Lemma cross_moment_bound t (j k : 'I_t.+1) :
  `|cross_moment j k| <= 8 * rmax ^+ 2 * (close j k + eps).
Proof.
case: (ltngtP j k) => [lt_jk | lt_kj | /val_inj <-].
- exact: cross_moment_lt_bound.
- have -> : cross_moment j k = cross_moment k j.
    by apply: eq_bigr => w _; rewrite [_ * (_ - _)]mulrC.
  by rewrite /close andbC; apply: cross_moment_lt_bound.
- apply: le_trans (cross_moment_diag_bound j) _.
  have -> : close j j = 1 by rewrite /close !leq_addr.
  have : 0 <= rmax ^+ 2 * eps by rewrite mulr_ge0 ?exprn_ge0 ?eps_ge0.
  by nra.
Qed.

(* Summing: close pairs contribute O(rmax^2) each, at most (2 tau + 1)(t + 1)
   of them; every pair contributes O(rmax^2 eps). *)
Lemma sum_cross_moment_bound t : \sum_(j < t.+1) \sum_(k < t.+1) cross_moment j k <=
   8 * rmax ^+ 2 * (t.+1%:R * ((2 * tau + 1)%N%:R + t.+1%:R * eps)).
Proof.
have rmax2_ge0 : 0 <= 8 * rmax ^+ 2 by rewrite mulr_ge0 ?exprn_ge0.
apply: (@le_trans _ _ (\sum_(j < t.+1) \sum_(k < t.+1) 8 * rmax ^+ 2 * (close j k + eps))).
  by do 2![apply: ler_sum => ? _]; apply: le_trans (ler_norm _) (cross_moment_bound _ _).
apply: (@le_trans _ _ (\sum_(j < t.+1)
    8 * rmax ^+ 2 * ((2 * tau + 1)%N%:R + t.+1%:R * eps))); last first.
  by rewrite sumr_const card_ord -[_ *+ t.+1]mulr_natl mulrCA.
apply: ler_sum => j _; rewrite -mulr_sumr ler_wpM2l // big_split /= lerD //.
  by rewrite -natr_sum ler_nat count_close.
by rewrite sumr_const card_ord mulr_natl.
Qed.

End RewardProcess.

Lemma bernoulli_ineq (R : realDomainType) (d : R) (T : nat) :
  0 <= d -> 1 + T%:R * d <= (1 + d) ^+ T.
Proof.
move=> d_ge0; elim: T => [|T IH]; first by rewrite mul0r addr0 expr0.
rewrite exprS -natr1.
have : 0 <= T%:R * d by rewrite mulr_ge0.
have : 0 <= (1 + d) ^+ T by rewrite exprn_ge0 // addr_ge0.
by nra.
Qed.

Lemma tau_mix_spec (R : realType) (m rho eps : R) : 0 < m -> 0 < rho < 1 -> 0 < eps ->
  (1 <= tau_mix m rho eps)%N /\ m * rho ^+ tau_mix m rho eps <= eps.
Proof.
move=> m_gt0 /andP[rho_gt0 rho_lt1] eps_gt0.
suff ex_tau : exists t : nat, `[< (1 <= t)%N /\ m * rho ^+ t <= eps >].
  by rewrite /tau_mix; case: pselect => [h | []] //; case: ex_minnP => T /asboolP.
pose d := rho^-1 - 1.
have d_gt0 : 0 < d by rewrite subr_gt0 invf_gt1.
have q_ge0 : 0 <= m / (eps * d) by rewrite divr_ge0 ?mulr_ge0 ?ltW.
pose T := (Num.Def.archi_bound (m / (eps * d))).+1.
exists T; apply/asboolP; split => //.
have lt_qT : m / (eps * d) < T%:R.
  by apply: lt_le_trans (archi_boundP q_ge0) _; rewrite ler_nat.
have rhoT : rho ^+ T = ((1 + d) ^+ T)^-1 by rewrite addrC subrK exprVn invrK.
have powT_gt0 : 0 < (1 + d) ^+ T by rewrite exprn_gt0 // addr_gt0.
rewrite rhoT ler_pdivrMr //.
have lt_m : m < eps * d * T%:R by rewrite mulrC -ltr_pdivrMr // mulr_gt0.
have := bernoulli_ineq T (ltW d_gt0).
have : 0 <= eps * d * T%:R by rewrite !mulr_ge0 // ltW.
by nra.
Qed.

Lemma reward_bound_ge0 (R : realType) n (A : finType) (mu : 'I_n -> A -> R)
    (pi : 'I_n -> R) (r : 'I_n -> A -> 'I_n -> R) rmax :
  is_distr pi -> (forall s, \sum_(a : A) mu s a = 1) ->
  (forall s a s', `|r s a s'| <= rmax) -> 0 <= rmax.
Proof.
case: n mu pi r => [|n] mu pi r [_ pi_sum] mu_sum r_bound.
  by move: pi_sum; rewrite big_ord0 => /eqP; rewrite eq_sym oner_eq0.
case: (pickP (@predT A)) => [a _ | noA].
  exact: le_trans (normr_ge0 _) (r_bound ord0 a ord0).
by move: (mu_sum ord0); rewrite big_pred0 // => /eqP; rewrite eq_sym oner_eq0.
Qed.

Lemma mse_rate (R : realFieldType) (p g : R) (tau t : nat) :
  0 <= p -> 0 < g -> (1 <= tau)%N -> (0 < t)%N ->
  ((t.+1%:R * g)^-1) ^+ 2 *
    (8 * p * (t.+1%:R * ((2 * tau + 1)%N%:R + t.+1%:R * (2 * t.+1%:R)^-1)))
  <= 32%:R * (p * tau%:R) / (g ^+ 2 * t%:R).
Proof.
move=> p_ge0 g_gt0 tau_ge1 t_gt0.
have t_pos : 0 < t%:R :> R by rewrite ltr0n.
have t1_pos : 0 < t.+1%:R :> R by rewrite ltr0n.
have tau_ge1R : 1 <= tau%:R :> R by rewrite ler1n.
have -> : ((t.+1%:R * g)^-1) ^+ 2 *
    (8 * p * (t.+1%:R * ((2 * tau + 1)%N%:R + t.+1%:R * (2 * t.+1%:R)^-1)))
  = 8 * p * (2 * tau%:R + 3 / 2) / (t.+1%:R * g ^+ 2).
  rewrite natrD natrM; field.
  by rewrite (gt_eqF g_gt0) addrC natr1 (gt_eqF t1_pos).
rewrite ler_pdivrMr; last by rewrite mulr_gt0 // exprn_gt0.
have -> : 32%:R * (p * tau%:R) / (g ^+ 2 * t%:R) * (t.+1%:R * g ^+ 2) =
   32 * p * tau%:R * t.+1%:R / t%:R.
  by field; rewrite (gt_eqF g_gt0) (gt_eqF t_pos).
rewrite ler_pdivlMr // -natr1.
have : 0 <= p * (tau%:R * t%:R - t%:R).
  by rewrite mulr_ge0 // subr_ge0 ler_peMl // ltW.
have : 0 <= p * tau%:R by rewrite mulr_ge0 // (le_trans ler01).
have : 0 <= p * t%:R by rewrite mulr_ge0 // ltW.
by nra.
Qed.

Theorem lemma3 :
  exists C : nat, forall (R : realType) (n : nat) (A : finType)
    (mu : 'I_n -> A -> R) (Pm : 'I_n -> A -> 'I_n -> R)
    (r : 'I_n -> A -> 'I_n -> R) (rmax gamma : R) (pi : 'I_n -> R) (m rho : R)
    (t0 : nat),
    (forall s a, 0 <= mu s a) -> (forall s, \sum_(a : A) mu s a = 1) ->
    (forall s a s', 0 <= Pm s a s') -> (forall s a, \sum_(s' < n) Pm s a s' = 1) ->
    irreducible (trans_mx mu Pm) -> aperiodic (trans_mx mu Pm) ->
    stationary (trans_mx mu Pm) pi ->
    (forall s a s', `|r s a s'| <= rmax) ->
    0 < gamma < 1 ->
    0 < m -> 0 < rho < 1 -> geom_mixing (trans_mx mu Pm) pi m rho ->
    (* t0 = the largest integer with t0 <= 2 tau^mix(1/(2(t0+1))) *)
    (t0 <= 2 * tau_mix m rho (2 * t0.+1%:R)^-1)%N ->
    (forall t', (t' <= 2 * tau_mix m rho (2 * t'.+1%:R)^-1)%N -> (t' <= t0)%N) ->
    forall t : nat, (t0 < t)%N ->
      mse t pi mu Pm r gamma <=
        C%:R * (rmax ^+ 2 * (tau_mix m rho (2 * t.+1%:R)^-1)%:R)
          / ((1 - gamma) ^+ 2 * t%:R).
Proof.
exists 32%N => R n A mu Pm r rmax gamma pi m rho t0 mu_ge0 mu_sum Pm_ge0 Pm_sum _ _
  pi_stat r_bound /andP[g_gt0 g_lt1] m_gt0 rho01 mixing _ _ t lt_t0t.
have rmax_ge0 := reward_bound_ge0 (proj1 pi_stat) mu_sum r_bound.
have eps_gt0 : 0 < (2 * t.+1%:R)^-1 :> R by rewrite invr_gt0 mulr_gt0 ?ltr0n.
have [tau_ge1 tau_mixed] := tau_mix_spec m_gt0 rho01 eps_gt0.
have g01 : 0 <= gamma < 1 by rewrite ltW.
rewrite (mse_cross_moments mu_ge0 mu_sum Pm_ge0 Pm_sum pi_stat r t g01).
have rho_in01 : 0 <= rho <= 1 by case/andP: rho01 => *; rewrite !ltW.
apply: le_trans (ler_wpM2l (exprn_ge0 2 _)
  (sum_cross_moment_bound mu_ge0 mu_sum Pm_ge0 Pm_sum pi_stat r_bound rmax_ge0
     m_gt0 rho_in01 mixing tau_mixed t)) _.
  by rewrite invr_ge0 mulr_ge0 ?subr_ge0 ?ltW.
apply: mse_rate => //; first by rewrite exprn_ge0.
- by rewrite subr_gt0.
- exact: leq_ltn_trans (leq0n t0) lt_t0t.
Qed.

________

Among the lines of the material, find those holding the word "move" and return them.

Answer for the task -
move=> d_ge0; elim: T => [|T IH]; first by rewrite mul0r addr0 expr0.
move=> m_gt0 /andP[rho_gt0 rho_lt1] eps_gt0.
  by move: pi_sum; rewrite big_ord0 => /eqP; rewrite eq_sym oner_eq0.
by move: (mu_sum ord0); rewrite big_pred0 // => /eqP; rewrite eq_sym oner_eq0.
move=> p_ge0 g_gt0 tau_ge1 t_gt0.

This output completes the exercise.